Aside from the risk of the spread of the Montana Supreme Court’s expanding scope of advance payments, there are dangers with claims management regarding Ridley and its progeny. If a third-party claimant succeeds in a declaratory judgment action seeking advance pay, the insurer may be liable for the claimant’s attorney’s fees incurred in bringing the action. Further, under the UTPA, a failure to advance pay may lead to the recovery of punitive damages. Finally, an insurer’s failure to settle within policy limits can open the insurer up to liability for judgments in excess of policy limits.
When claims managers are undertaking an advance pay analysis, it is essential that they utilize their standard tools in determining liability; however, the contesting of causation of physical injuries may require expert medical opinions in addition to routine investigatory practices. It is essential that analysis and decisions are documented contemporaneously, demonstrating the reasonable clarity, or lack thereof, of the damages or liability at the time of the advance pay decision.
When attempting to challenge medical causation, further precautions must be taken including the retrieval of complete medical records. Medical records predating the accident are essential if the injury is possibly pre-existing. However, a claims agent’s review of the medical record is insufficient as plaintiffs’ attorneys may file a declaratory judgment action accompanied by a doctor’s affidavit attesting to the injury’s causal-connection. Therefore, while IMEs and records reviews may be helpful in effectively challenging causation, in order for the challenge to be upheld, a qualified doctor must be prepared to offer an admissible, conflicting affidavit rebutting causation if called upon. If the case value exceeds the advance pay request, there is great risk of excess exposure in challenging medical causation.

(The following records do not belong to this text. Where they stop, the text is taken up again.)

(* For every even integer $n\ge 4$ there exist a boolean classifier $\kappa:\{0,1\}^n\to\{0,1\}$ and a point $\mathbf v\in\{0,1\}^n$ such that, for the sample $(\mathbf v,\kappa(\mathbf v))$, there exist an irrelevant feature $i_1\in\mathcal F$ with $\mathrm{Sv}(i_1)\neq 0$ and a relevant feature $i_2\in\mathcal F\setminus\{i_1\}$ with $\mathrm{Sv}(i_2)=0$ (issue I4).
   Context: Let $\mathcal F=\{1,\dots,n\}$. A boolean classifier is a non-constant function $\kappa:\{0,1\}^n\to\{0,1\}$; a sample is a pair $(\mathbf v,c)$ with $\mathbf v\in\{0,1\}^n$ and $c=\kappa(\mathbf v)$. For $\mathcal S\subseteq\mathcal F$ let $\Upsilon(\mathcal S;\mathbf v)=\{\mathbf x\in\{0,1\}^n : x_j=v_j \text{ for all } j\in\mathcal S\}$ and, for any function $g$ on $\{0,1\}^n$, $\mathbf E[g\mid \mathbf x_{\mathcal S}=\mathbf v_{\mathcal S}]=|\Upsilon(\mathcal S;\mathbf v)|^{-1}\sum_{\mathbf x\in\Upsilon(\mathcal S;\mathbf v)}g(\mathbf x)$ (uniform distribution, independent features). The characteristic function is $\upsilon(\mathcal S)=\mathbf E[\kappa\mid\mathbf x_{\mathcal S}=\mathbf v_{\mathcal S}]$, and the SHAP score of feature $i$ is $\mathrm{Sv}(i)=\sum_{\mathcal S\subseteq\mathcal F\setminus\{i\}}\frac{|\mathcal S|!\,(n-|\mathcal S|-1)!}{n!}\big(\upsilon(\mathcal S\cup\{i\})-\upsilon(\mathcal S)\big)$. The similarity predicate is $\sigma(\mathbf x)=1$ if $\kappa(\mathbf x)=\kappa(\mathbf v)$ and $0$ otherwise. A set $\mathcal S\subseteq\mathcal F$ is a weak abductive explanation (WAXp) if $\mathbf E[\sigma\mid\mathbf x_{\mathcal S}=\mathbf v_{\mathcal S}]=1$ (i.e. $\kappa(\mathbf x)=\kappa(\mathbf v)$ for all $\mathbf x\in\Upsilon(\mathcal S;\mathbf v)$); an abductive explanation (AXp) is a WAXp $\mathcal S$ such that $\mathcal S\setminus\{t\}$ is not a WAXp for every $t\in\mathcal S$. A feature is relevant if it belongs to at least one AXp, and irrelevant otherwise. *)

From mathcomp Require Import all_boot all_order all_algebra.
Set Implicit Arguments. Unset Strict Implicit. Unset Printing Implicit Defensive.
Import Order.TTheory GRing.Theory Num.Theory.
Local Open Scope ring_scope.

(* Features F = {1..n} are represented by 'I_n; points of {0,1}^n by finite functions. *)
Definition point (n : nat) := {ffun 'I_n -> bool}.

Definition nonconstant (n : nat) (kappa : point n -> bool) : Prop :=
  exists x y : point n, kappa x <> kappa y.

Definition Ups (n : nat) (S : {set 'I_n}) (v : point n) : {set point n} :=
  [set x : point n | [forall j in S, x j == v j]].

Definition cexp (n : nat) (g : point n -> rat) (S : {set 'I_n}) (v : point n) : rat :=
  (#|Ups S v|%:R)^-1 * \sum_(x in Ups S v) g x.

Definition charf (n : nat) (kappa : point n -> bool) (v : point n)
  (S : {set 'I_n}) : rat := cexp (fun x => (kappa x)%:R) S v.

Definition Sv (n : nat) (kappa : point n -> bool) (v : point n) (i : 'I_n) : rat :=
  \sum_(S : {set 'I_n} | i \notin S)
     ((#|S| `! * (n - #|S| - 1) `!)%:R / (n `!)%:R) *
     (charf kappa v (i |: S) - charf kappa v S).

Definition sigma (n : nat) (kappa : point n -> bool) (v : point n) (x : point n) : rat :=
  if kappa x == kappa v then 1 else 0.

Definition WAXp (n : nat) (kappa : point n -> bool) (v : point n) (S : {set 'I_n}) : Prop :=
  cexp (sigma kappa v) S v = 1.

Definition AXp (n : nat) (kappa : point n -> bool) (v : point n) (S : {set 'I_n}) : Prop :=
  WAXp kappa v S /\ forall t, t \in S -> ~ WAXp kappa v (S :\ t).

Definition relevant (n : nat) (kappa : point n -> bool) (v : point n) (i : 'I_n) : Prop :=
  exists S : {set 'I_n}, AXp kappa v S /\ i \in S.

Definition irrelevant (n : nat) (kappa : point n -> bool) (v : point n) (i : 'I_n) : Prop :=
  ~ relevant kappa v i.

From mathcomp Require Import all_boot all_order all_algebra all_fingroup.
From mathcomp Require Import ring lra.
Set Implicit Arguments. Unset Strict Implicit. Unset Printing Implicit Defensive.
Import Order.TTheory GRing.Theory Num.Theory.
Local Open Scope ring_scope.

(* Take n = 4 (padded with dummy features), v = 1 and
     kappa x = (if x2 then x3 else x4) || (x1 && (x3 == x4)).
   A set S is a WAXp iff 3 is in S together with 2 or 4, so the AXps are
   {2,3} and {3,4}: feature 2 is relevant and feature 1 is not.  Flipping x1
   from 1 to 0 can only turn kappa off, and does so at x = (1,0,0,0), so every
   marginal contribution of feature 1 is nonnegative and the one at S = {} is
   positive.  The marginal contribution of feature 2 at S is half of
   E[x3 | x_{S+2} = 1] - E[x4 | x_{S+2} = 1], which changes sign when 3 and 4
   are swapped in S; hence the Shapley sum of feature 2 cancels. *)

Section ConditionalExpectation.
Variable n : nat.
Implicit Types (S : {set 'I_n}) (v x : point n) (g h : point n -> rat).

Definition flip (i : 'I_n) x : point n :=
  [ffun t => if t == i then ~~ x t else x t].

Lemma flipE i x t : flip i x t = if t == i then ~~ x t else x t.
Proof. by rewrite ffunE. Qed.

Lemma flipK i : involutive (flip i).
Proof. by move=> x; apply/ffunP=> t; rewrite !flipE; case: (t == i); rewrite ?negbK. Qed.

Lemma UpsP S v x : reflect (forall t, t \in S -> x t = v t) (x \in Ups S v).
Proof.
rewrite inE; apply: (iffP forallP) => [agree t tS | agree t].
- by apply/eqP; move: (agree t); rewrite tS.
- by apply/implyP => /agree->.
Qed.

Lemma mem_Ups S v : v \in Ups S v.
Proof. exact/UpsP. Qed.

Lemma card_Ups_neq0 S v : (#|Ups S v|%:R : rat) != 0.
Proof. by rewrite pnatr_eq0 -lt0n; apply/card_gt0P; exists v; apply: mem_Ups. Qed.

Lemma eq_cexp S v g h : {in Ups S v, g =1 h} -> cexp g S v = cexp h S v.
Proof. by move=> gh; rewrite /cexp (eq_bigr h). Qed.

Lemma cexp_cst S v (c : rat) : cexp (fun=> c) S v = c.
Proof. by rewrite /cexp sumr_const -[c *+ _]mulr_natl mulKf ?card_Ups_neq0. Qed.

Lemma cexpD S v g h : cexp (fun x => g x + h x) S v = cexp g S v + cexp h S v.
Proof. by rewrite /cexp big_split mulrDr. Qed.

Lemma cexpB S v g h : cexp (fun x => g x - h x) S v = cexp g S v - cexp h S v.
Proof. by rewrite /cexp sumrB mulrBr. Qed.

Lemma cexp_ge0 S v g : {in Ups S v, forall x, 0 <= g x} -> 0 <= cexp g S v.
Proof. by move=> g_ge0; rewrite mulr_ge0 ?invr_ge0 ?ler0n ?sumr_ge0. Qed.

Lemma cexp_gt0 S v g x0 : x0 \in Ups S v -> 0 < g x0 ->
  {in Ups S v, forall x, 0 <= g x} -> 0 < cexp g S v.
Proof.
move=> x0S gx0 g_ge0; apply: mulr_gt0.
  by rewrite invr_gt0 lt0r card_Ups_neq0 /=.
rewrite (bigD1 x0) //= ltr_pwDl // sumr_ge0 // => x /andP[xS _].
exact: g_ge0.
Qed.

(* Points of Ups S v are paired by flipping a free coordinate i, one of each
   pair agreeing with v at i. *)
Lemma sum_Ups_setU1 S v g i : i \notin S ->
  \sum_(x in Ups S v) g x = \sum_(x in Ups (i |: S) v) (g x + g (flip i x)).
Proof.
move=> iS; have neq_i t : t \in S -> (t == i) = false.
  by move=> tS; apply/eqP => ti; rewrite -ti tS in iS.
rewrite big_split /= (bigID (fun x : point n => x i == v i)) /=.
congr (_ + _).
  apply: eq_bigl => x; apply/andP/UpsP => [[/UpsP xS /eqP xi] t|xSi].
    by rewrite in_setU1 => /predU1P[->|/xS].
  split; last by apply/eqP/xSi; rewrite setU11.
  by apply/UpsP => t tS; apply/xSi; rewrite in_setU1 tS orbT.
rewrite (reindex_inj (can_inj (flipK i))) /=.
apply: eq_bigl => x; rewrite flipE eqxx; apply/andP/UpsP => [[/UpsP xS xi] t|xSi].
  rewrite in_setU1 => /predU1P[->|tS]; first by move: xi; case: (x i); case: (v i).
  by have := xS t tS; rewrite flipE neq_i.
split; last by rewrite xSi ?setU11 //; case: (v i).
by apply/UpsP => t tS; rewrite flipE neq_i // xSi // in_setU1 tS orbT.
Qed.

Lemma cexp_setU1 S v g i : i \notin S ->
  cexp g S v = cexp (fun x => g x + g (flip i x)) (i |: S) v / 2.
Proof.
move=> iS; have card_S : (#|Ups S v|%:R : rat) = 2 * #|Ups (i |: S) v|%:R.
  have := sum_Ups_setU1 v (fun=> 1) iS.
  by rewrite !sumr_const => ->; rewrite -mulr_natr; ring.
rewrite /cexp card_S (sum_Ups_setU1 v g iS).
have := card_Ups_neq0 (i |: S) v; set c := (#|_|%:R : rat) => c_neq0.
by field; rewrite c_neq0.
Qed.

Lemma cexp_coord_fixed S v t : t \in S -> cexp (fun x => (x t)%:R) S v = (v t)%:R.
Proof. by move=> tS; rewrite (@eq_cexp _ _ _ (fun=> (v t)%:R)) ?cexp_cst // => x /UpsP->. Qed.

Lemma cexp_coord_free S v t : t \notin S -> cexp (fun x => (x t)%:R) S v = 1 / 2.
Proof.
move=> tS; rewrite (cexp_setU1 _ _ tS) (@eq_cexp _ _ _ (fun=> 1)) ?cexp_cst //.
by move=> x _; rewrite /= flipE eqxx; case: (x t).
Qed.

Lemma WAXpE (kappa : point n -> bool) v S :
  WAXp kappa v S <-> {in Ups S v, forall x, kappa x = kappa v}.
Proof.
rewrite /WAXp; split => [sigma1 x xS | same].
  have cexp_miss0 : cexp (fun y => 1 - sigma kappa v y) S v = 0.
    by rewrite cexpB cexp_cst sigma1 subrr.
  have miss_ge0 y : 0 <= 1 - sigma kappa v y.
    by rewrite /sigma; case: ifP; rewrite ?subrr ?subr0.
  move: cexp_miss0 => /eqP; rewrite /cexp mulf_eq0 invr_eq0 (negbTE (card_Ups_neq0 _ _)).
  move=> /eqP /(psumr_eq0P (fun y _ => miss_ge0 y)) /(_ x xS).
  by rewrite /sigma; case: eqP => // _ /eqP; rewrite subr0 oner_eq0.
by rewrite (@eq_cexp _ _ _ (fun=> 1)) ?cexp_cst // => x xS; rewrite /sigma same ?eqxx.
Qed.

End ConditionalExpectation.

Section Shapley.
Variables (n : nat) (kappa : point n -> bool) (v : point n) (i : 'I_n).
Implicit Types S : {set 'I_n}.

Definition marginal S : rat := charf kappa v (i |: S) - charf kappa v S.

Lemma marginalE S : i \notin S ->
  marginal S = cexp (fun x => (kappa x)%:R - (kappa (flip i x))%:R) (i |: S) v / 2.
Proof. by move=> iS; rewrite /marginal /charf (cexp_setU1 _ _ iS) cexpD cexpB; field. Qed.

Definition shapley_weight (s : nat) : rat := (s`! * (n - s - 1)`!)%:R / (n`!)%:R.

Lemma shapley_weight_gt0 s : 0 < shapley_weight s.
Proof. by apply: divr_gt0; rewrite ltr0n ?muln_gt0 !fact_gt0. Qed.

Lemma SvE :
  Sv kappa v i = \sum_(S : {set 'I_n} | i \notin S) shapley_weight #|S| * marginal S.
Proof. by []. Qed.

Lemma Sv_gt0 S0 : i \notin S0 -> 0 < marginal S0 ->
  (forall S, i \notin S -> 0 <= marginal S) -> 0 < Sv kappa v i.
Proof.
move=> iS0 marginal_S0 marginal_ge0; rewrite SvE (bigD1 S0) //=.
apply: ltr_pwDl; first by rewrite mulr_gt0 ?shapley_weight_gt0.
apply: sumr_ge0 => S /andP[iS _].
by rewrite mulr_ge0 ?marginal_ge0 // ltW // shapley_weight_gt0.
Qed.

(* Reindex the Shapley sum along S |-> s @: S, which preserves both i \notin S
   and #|S|. *)
Lemma Sv_eq0_antisym (s : {perm 'I_n}) : s i = i ->
  (forall S, i \notin S -> marginal (s @: S) = - marginal S) -> Sv kappa v i = 0.
Proof.
move=> si marginal_s.
suff: Sv kappa v i = - Sv kappa v i by lra.
rewrite {1}SvE (reindex_inj (imset_inj (@perm_inj _ s))) /= SvE -sumrN.
have mem_i S : (i \in s @: S) = (i \in S) by rewrite -{1}si mem_imset //; apply: perm_inj.
apply: eq_big => [S | S iS]; first by rewrite mem_i.
rewrite mem_i in iS.
by rewrite card_imset ?marginal_s ?mulrN //; apply: perm_inj.
Qed.

End Shapley.

Section Counterexample.
Variable m : nat.
Local Notation N := m.+4.
Implicit Types S : {set 'I_N}.

Definition i1 : 'I_N := @Ordinal N 0 isT.
Definition i2 : 'I_N := @Ordinal N 1 isT.
Definition i3 : 'I_N := @Ordinal N 2 isT.
Definition i4 : 'I_N := @Ordinal N 3 isT.

Definition kap (x : point N) : bool :=
  (if x i2 then x i3 else x i4) || (x i1 && (x i3 == x i4)).

Definition ones : point N := [ffun=> true].

Lemma kap_ones : kap ones.
Proof. by rewrite /kap !ffunE. Qed.

Lemma kap_nonconstant : nonconstant kap.
Proof. by exists ones, [ffun=> false]; rewrite kap_ones /kap !ffunE. Qed.

Lemma kap_WAXp S : WAXp kap ones S <-> (i3 \in S) && ((i2 \in S) || (i4 \in S)).
Proof.
rewrite WAXpE kap_ones; split => [same | /andP[i3S i2_or_i4S] x /UpsP xS].
  have i3S : i3 \in S.
    apply: contraT => i3S; pose x : point N := [ffun t => t != i3].
    have xS : x \in Ups S ones.
      by apply/UpsP => t tS; rewrite !ffunE; apply: contraNneq i3S => <-.
    by have := same x xS; rewrite /kap !ffunE.
  rewrite i3S; apply: contraT; rewrite negb_or => /andP[i2S i4S].
  pose x : point N := [ffun t => (t != i2) && (t != i4)].
  have xS : x \in Ups S ones.
    apply/UpsP => t tS; rewrite !ffunE.
    by apply/andP; split; [apply: contraNneq i2S | apply: contraNneq i4S] => <-.
  by have := same x xS; rewrite /kap !ffunE.
rewrite /kap (xS i3) // !ffunE.
by case/orP: i2_or_i4S => [/xS->|/xS->]; rewrite ?ffunE //; case: (x i2).
Qed.

Lemma relevant_i2 : relevant kap ones i2.
Proof.
exists [set i2; i3]; split; last by rewrite !inE eqxx.
split; first by apply/kap_WAXp; rewrite !inE.
by move=> t; rewrite !inE => /orP[] /eqP-> /kap_WAXp; rewrite !inE.
Qed.

(* Every WAXp stays a WAXp after removing i1, so no AXp contains i1. *)
Lemma irrelevant_i1 : irrelevant kap ones i1.
Proof.
move=> [S [[/kap_WAXp S_WAXp minimal] i1S]]; apply: (minimal i1 i1S).
apply/kap_WAXp; rewrite !in_setD1.
by case/andP: S_WAXp => -> /orP[]->; rewrite ?orbT.
Qed.

Lemma kap_flip_i1_ge0 (x : point N) : x i1 ->
  0 <= ((kap x)%:R - (kap (flip i1 x))%:R : rat).
Proof.
rewrite /kap !flipE /= => ->.
by case: (x i2); case: (x i3); case: (x i4); rewrite /= ?subrr ?subr0.
Qed.

Lemma marginal_i1_ge0 S : i1 \notin S -> 0 <= marginal kap ones i1 S.
Proof.
move=> i1S; rewrite marginalE // divr_ge0 // cexp_ge0 // => x /UpsP xS.
by rewrite kap_flip_i1_ge0 // xS ?setU11 // ffunE.
Qed.

Lemma marginal_i1_set0 : 0 < marginal kap ones i1 set0.
Proof.
rewrite marginalE ?inE // divr_gt0 //.
apply: (@cexp_gt0 _ _ _ _ [ffun t => t == i1]).
- by apply/UpsP => t; rewrite !inE orbF => /eqP->; rewrite !ffunE.
- by rewrite /kap !flipE !ffunE.
by move=> x /UpsP xS; rewrite kap_flip_i1_ge0 // xS ?setU11 // ffunE.
Qed.

Lemma Sv_i1_neq0 : Sv kap ones i1 != 0.
Proof. by rewrite gt_eqF // (Sv_gt0 _ marginal_i1_set0) ?inE //; apply: marginal_i1_ge0. Qed.

Definition coord_mean (b : bool) : rat := if b then 1 else 1 / 2.

Lemma marginal_i2 S : i2 \notin S ->
  marginal kap ones i2 S = (coord_mean (i3 \in S) - coord_mean (i4 \in S)) / 2.
Proof.
move=> i2S; rewrite marginalE //.
rewrite (@eq_cexp _ _ _ _ (fun x => (x i3)%:R - (x i4)%:R)); last first.
  move=> x /UpsP xS; rewrite /kap !flipE /= xS ?setU11 // ffunE.
  by case: (x i1); case: (x i3); case: (x i4); rewrite /= ?subrr ?subr0.
have coord t : t != i2 -> cexp (fun x => (x t)%:R) (i2 |: S) ones =
                          coord_mean (t \in S).
  move=> ti2; rewrite /coord_mean; case: ifP => tS.
    by rewrite cexp_coord_fixed ?ffunE // in_setU1 tS orbT.
  by rewrite cexp_coord_free // in_setU1 negb_or ti2 tS.
by rewrite cexpB !coord.
Qed.

Lemma Sv_i2_eq0 : Sv kap ones i2 = 0.
Proof.
apply: (@Sv_eq0_antisym _ _ _ _ (tperm i3 i4)); first by rewrite tpermD.
move=> S i2S; have swap34 t : (tperm i3 i4 t \in tperm i3 i4 @: S) = (t \in S).
  by rewrite mem_imset //; apply: perm_inj.
rewrite !marginal_i2 //; last by rewrite -[i2](@tpermD _ i3 i4) // swap34.
have -> : (i3 \in tperm i3 i4 @: S) = (i4 \in S) by rewrite -swap34 tpermR.
have -> : (i4 \in tperm i3 i4 @: S) = (i3 \in S) by rewrite -swap34 tpermL.
by rewrite -mulNr opprB.
Qed.

End Counterexample.

Theorem proposition3 (n : nat) (hn : (4 <= n)%N) (heven : ~~ odd n) :
  exists (kappa : point n -> bool) (v : point n),
    nonconstant kappa /\
    exists i1 i2 : 'I_n,
      [/\ irrelevant kappa v i1, Sv kappa v i1 != 0,
          i2 != i1, relevant kappa v i2 & Sv kappa v i2 = 0].
Proof.
case: n hn heven => [|[|[|[|m]]]] // _ _.
exists (@kap m), (@ones m); split; first exact: kap_nonconstant.
exists (@i1 m), (@i2 m); split => //.
- exact: irrelevant_i1.
- exact: Sv_i1_neq0.
- exact: relevant_i2.
- exact: Sv_i2_eq0.
Qed.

Ridley has cast Montana outside the mainstream in demanding advanced pay when liability is reasonably clear, and the growing regionalized nature of claims handling has put insurers at risk of walking into potential minefields. Ridley puts the onus on claims professionals to conduct prompt, objective, and verifiable liability and damages analysis or face stiff consequences. Insurers must know what they are able to determine in house, what requires expert medical advice, what requires the advice of outside counsel and what obligations persist beyond the advanced payment of policy limits.
An insurer’s best practices should include real-time documentation of the investigation and facts supporting their advance pay analysis and decision making, as it relates to the requirements of reasonably clear liability and causation. Claims handlers managing claims in the western United States must be on mindful of Montana’s unique, rules relating to the insurer’s duties regarding claims settlement.